My at home yoga practice is about showing up with myself, to meet the person I am on any given day, on the mat. The mat that somehow still collects cat hair though Artemis crossed the rainbow bridge last June. The mat that often stays unfurled in the center of my living room, parked right in front of the TV where I watch Adriene guide me through the motions.
For many years, I've told people yoga keeps me sane. This is definitely a big part of what yoga means to me. I can feel it in my stress levels and reactiveness when I've been away from the mat for too long. That's not to say I flit around in a state of perfect calm and bliss when I'm practicing regularly--I'm still moody, passive-aggressively conflict avoidant, irritable me. I just have a little more clam and a little more distance from that version of myself. A little more patience with the world because I spent some time that morning being patient with me.
What does it mean to be in your body when that's literally the only place we all reliably are? It means I am forced--invited, encouraged--to really feel into the experience of being myself. When I'm going through a pain flare or nursing an injured knee, it is so easy to be combative and resistant. To brush aside the sensation, want it to go away, want it to be otherwise. I am furious with my body for not being 100% healthy and able to do what I want it to do. I feel like it's me vs. my knee, or me vs. the nerve endings at the base of my skull.
On the mat, however, I must remember it's all, as Adriene says, one moving piece.
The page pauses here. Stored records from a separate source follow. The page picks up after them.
(* Let $\mathcal{M}=\langle S,\iota,\mathsf{Act},P,\mathsf{Z},\mathsf{obs}\rangle$ be an MDP. For every trace $\tau\in\mathsf{Z}^+$, the set $V(\mathsf{est}_{\mathsf{MDP}}(\tau))$ is finite.
   Context: An MDP is a tuple $\langle S,\iota,\mathsf{Act},P,\mathsf{Z},\mathsf{obs}\rangle$: finite state set $S$, initial distribution $\iota\in\mathsf{Distr}(S)$, finite action set $\mathsf{Act}$, partial transition function $P\colon S\times\mathsf{Act}\rightharpoonup\mathsf{Distr}(S)$ (write $P(s,\alpha,s')=P(s,\alpha)(s')$), finite observation set $\mathsf{Z}$, observation function $\mathsf{obs}\colon S\to\mathsf{Distr}(\mathsf{Z})$; $\mathsf{AvAct}(s)=\{\alpha\mid P(s,\alpha)\text{ defined}\}\neq\emptyset$. Beliefs: $\mathsf{Bel}=\mathsf{Distr}(S)\cup\{\mathbf{0}\}$, viewed as vectors in $\mathbb{R}^S$. $\mathsf{est}_{\mathsf{MDP}}\colon\mathsf{Z}^+\to2^{\mathsf{Bel}}$: $\mathsf{est}_{\mathsf{MDP}}(z)=\{b_z\}$ with $b_z(s)=\iota(s)\mathsf{obs}(s)(z)/\sum_{\hat s}\iota(\hat s)\mathsf{obs}(\hat s)(z)$ (or $\mathbf{0}$ if the denominator is $0$), and $\mathsf{est}_{\mathsf{MDP}}(\tau\cdot z)=\bigcup_{\mathsf{bel}\in\mathsf{est}_{\mathsf{MDP}}(\tau)}\mathsf{est}^{\mathsf{up}}(\mathsf{bel},z)$, where $\mathsf{bel}'\in\mathsf{est}^{\mathsf{up}}(\mathsf{bel},z)$ iff there is $\varsigma\colon S\to\mathsf{Distr}(\mathsf{Act})$ with $\varsigma(s)$ supported in $\mathsf{AvAct}(s)$ and $\mathsf{bel}'(s')=\dfrac{\sum_s\mathsf{bel}(s)\sum_\alpha\varsigma(s)(\alpha)P(s,\alpha,s')\mathsf{obs}(s')(z)}{\sum_s\mathsf{bel}(s)\sum_\alpha\varsigma(s)(\alpha)\sum_{\hat s}P(s,\alpha,\hat s)\mathsf{obs}(\hat s)(z)}$ for all $s'$ ($0/0=0$). For $B\subseteq\mathsf{Bel}$, $V(B)$ is the set of elements of $B$ that are not convex combinations of other elements of $B$ (vertices of the convex hull of $B$). *)

From HB Require Import structures.
From mathcomp Require Import all_boot all_order all_algebra.
From mathcomp Require Import boolp classical_sets cardinality reals.
Set Implicit Arguments. Unset Strict Implicit. Unset Printing Implicit Defensive.
Import Order.TTheory GRing.Theory Num.Theory.
Local Open Scope ring_scope.
Local Open Scope classical_set_scope.

Section MDPDefs.
Variables (R : realType) (S Act Z : finType).

Definition is_distr (T : finType) (f : T -> R) : Prop :=
  (forall t, 0 <= f t) /\ \sum_(t : T) f t = 1.

(* An MDP <S, iota, Act, P, Z, obs>; the partial transition function is
   P : S -> Act -> option (S -> R), with P s a = None meaning undefined. *)
Record MDP := {
  iota : S -> R;
  iota_distr : is_distr iota;
  trans : S -> Act -> option (S -> R);
  trans_distr : forall s a d, trans s a = Some d -> is_distr d;
  avact_nonempty : forall s, exists a, trans s a <> None;
  obs : S -> Z -> R;
  obs_distr : forall s, is_distr (obs s)
}.

Variable M : MDP.

Definition AvAct (s : S) (a : Act) : Prop := trans M s a <> None.

(* P(s, a, s'), used only for available actions *)
Definition Pt (s : S) (a : Act) (s' : S) : R :=
  match trans M s a with Some d => d s' | None => 0 end.

Definition belief := S -> R.

(* Initial belief b_z; MathComp division by 0 yields 0, i.e. b_z = 0
   when the denominator vanishes. *)
Definition init_belief (z : Z) : belief :=
  fun s => iota M s * obs M s z / \sum_(sh : S) iota M sh * obs M sh z.

(* bel' \in est^up(bel, z) ; 0/0 = 0 holds by MathComp's x/0 = 0. *)
Definition est_up (bel : belief) (z : Z) (bel' : belief) : Prop :=
  exists sigma : S -> Act -> R,
    (forall s a, 0 <= sigma s a) /\
    (forall s, \sum_(a : Act) sigma s a = 1) /\
    (forall s a, ~ AvAct s a -> sigma s a = 0) /\
    (forall s', bel' s' =
       (\sum_(s : S) bel s * \sum_(a : Act) sigma s a * Pt s a s' * obs M s' z) /
       (\sum_(s : S) bel s * \sum_(a : Act) sigma s a *
            \sum_(sh : S) Pt s a sh * obs M sh z)).

(* est_MDP on a nonempty trace z0 :: zs (i.e. z0 z1 ... zn). *)
Definition est_MDP (z0 : Z) (zs : seq Z) : set belief :=
  foldl (fun B z => [set b' | exists2 b, B b & est_up b z b'])
        [set init_belief z0] zs.

End MDPDefs.

Definition cvx_comb_of (R : realType) (S : finType) (A : set (S -> R)) (b : S -> R) : Prop :=
  exists (n : nat) (w : 'I_n -> R) (x : 'I_n -> S -> R),
    (forall i, 0 <= w i) /\ \sum_(i < n) w i = 1 /\ (forall i, A (x i)) /\
    (forall s, b s = \sum_(i < n) w i * x i s).

Definition vertices (R : realType) (S : finType) (B : set (S -> R)) : set (S -> R) :=
  [set b | B b /\ ~ cvx_comb_of (B `\ b) b].

From mathcomp Require Import all_boot all_order all_algebra.
From mathcomp Require Import boolp classical_sets cardinality reals.
From mathcomp Require Import ring.
Set Implicit Arguments. Unset Strict Implicit. Unset Printing Implicit Defensive.
Import Order.TTheory GRing.Theory Num.Theory.
Local Open Scope ring_scope.
Local Open Scope classical_set_scope.

(* Every reachable belief set B is "finitely generated": some finite family of
   elements of B has B in its convex hull, so every vertex of B belongs to that
   family.  The invariant survives an update step because the numerator and the
   denominator of the update are linear in the belief and, once the randomised
   choice sigma is expanded as a mixture of deterministic choices d weighted by
   prod_s sigma(s)(d s), linear in sigma as well.  Hence the updated belief is a
   convex combination of the finitely many updates of the generators under
   deterministic choices, plus the zero belief for a vanishing denominator. *)

Section ConvexGeneration.
Variables (R : realType) (S : finType).

Definition conv_comb (I : finType) (x : I -> S -> R) (b : S -> R) : Prop :=
  exists w : I -> R, [/\ forall i, 0 <= w i, \sum_i w i = 1 &
                         forall s, b s = \sum_i w i * x i s].

Definition finitely_generated (B : set (S -> R)) : Prop :=
  exists (I : finType) (x : I -> S -> R),
    (forall i, B (x i)) /\ forall b, B b -> conv_comb x b.

Lemma finitely_generated_of_supported (B : set (S -> R)) (J : finType)
    (y : J -> S -> R) :
  (forall b, B b -> exists w : J -> R,
     [/\ forall j, 0 <= w j, \sum_j w j = 1, forall j, w j != 0 -> B (y j) &
         forall s, b s = \sum_j w j * y j s]) ->
  finitely_generated B.
Proof.
move=> comb_y; have [[b0 Bb0]|noB] := pselect (exists b, B b); last first.
  exists 'I_0, (fun _ _ => 0); split; first by case.
  by move=> b Bb; case: noB; exists b.
pose y' j := if pselect (B (y j)) then y j else b0.
exists J, y'; split=> [j|b Bb]; first by rewrite /y'; case: pselect.
have [w [w_ge0 w_sum1 w_supp bE]] := comb_y b Bb.
exists w; split=> // s; rewrite bE; apply: eq_bigr => j _.
have [->|/w_supp Byj] := eqVneq (w j) 0; first by rewrite !mul0r.
by rewrite /y'; case: pselect.
Qed.

Lemma cvx_comb_of_conv_comb (A : set (S -> R)) (I : finType) (x : I -> S -> R)
    (b : S -> R) :
  (forall i, A (x i)) -> conv_comb x b -> cvx_comb_of A b.
Proof.
move=> Ax [w [w_ge0 w_sum1 bE]].
have enumE F : \sum_(i : I) F i = \sum_(k < #|I|) F (enum_val k) :> R.
  exact: (big_enum_val (A := (pred_of_argType I : pred I))).
exists #|I|, (w \o enum_val), (x \o enum_val).
split=> [k|]; first exact: w_ge0.
split; first by rewrite -enumE.
by split=> [k|s]; [exact: Ax | rewrite bE (enumE (fun i => w i * x i s))].
Qed.

Lemma finite_vertices (B : set (S -> R)) :
  finitely_generated B -> finite_set (vertices B).
Proof.
move=> [I [x [Bx comb_x]]].
apply: (sub_finite_set _ (finite_image x (@finite_finset I setT))).
move=> b [Bb not_comb]; have [[i _ <-]|not_x] := pselect (range x b).
  by exists i.
case: not_comb; apply: cvx_comb_of_conv_comb (comb_x b Bb) => i.
by split=> // xib; apply: not_x; exists i.
Qed.

End ConvexGeneration.

Section Policies.
Variables (R : comPzSemiRingType) (S A : finType).

Definition policy_avg (b : S -> R) (g : S -> A -> R) (sigma : S -> A -> R) : R :=
  \sum_s b s * \sum_a sigma s a * g s a.

Definition det_policy (d : {ffun S -> A}) : S -> A -> R :=
  fun s a => (a == d s)%:R.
Feeling into each pose slowly and carefully, I have to work with my body, not against or in spite of it. These moments on the mat remind me what my body can do and what doesn't, at this time, feel good.
It's the same miracle I found years ago when I did yoga in large classes for the first time in college--hop in the space of my mat, all social anxiety vanishes. Only now, it's get on the mat, remember that my body is my body, not an enemy to work against, to fight, to try and whittle down and mold and strengthen and... the list goes on.
Even if the feeling of settling in and working with my body doesn't always follow me off the mat, those moments are so crucial, so important. They remind me there is movement still available to me now, in this body, in spite of the limitations I've encountered. They remind me that I can still bring the breath.
So yes, I'm annoyed that my knee is still tweaked. I'm annoyed that I can possibly still get injured after the whirlwind of pain that was 2019. But I'm flowing along with the Yoga with Adriene March Calendar and its theme of CREATE, finding space to create a little peace in my body.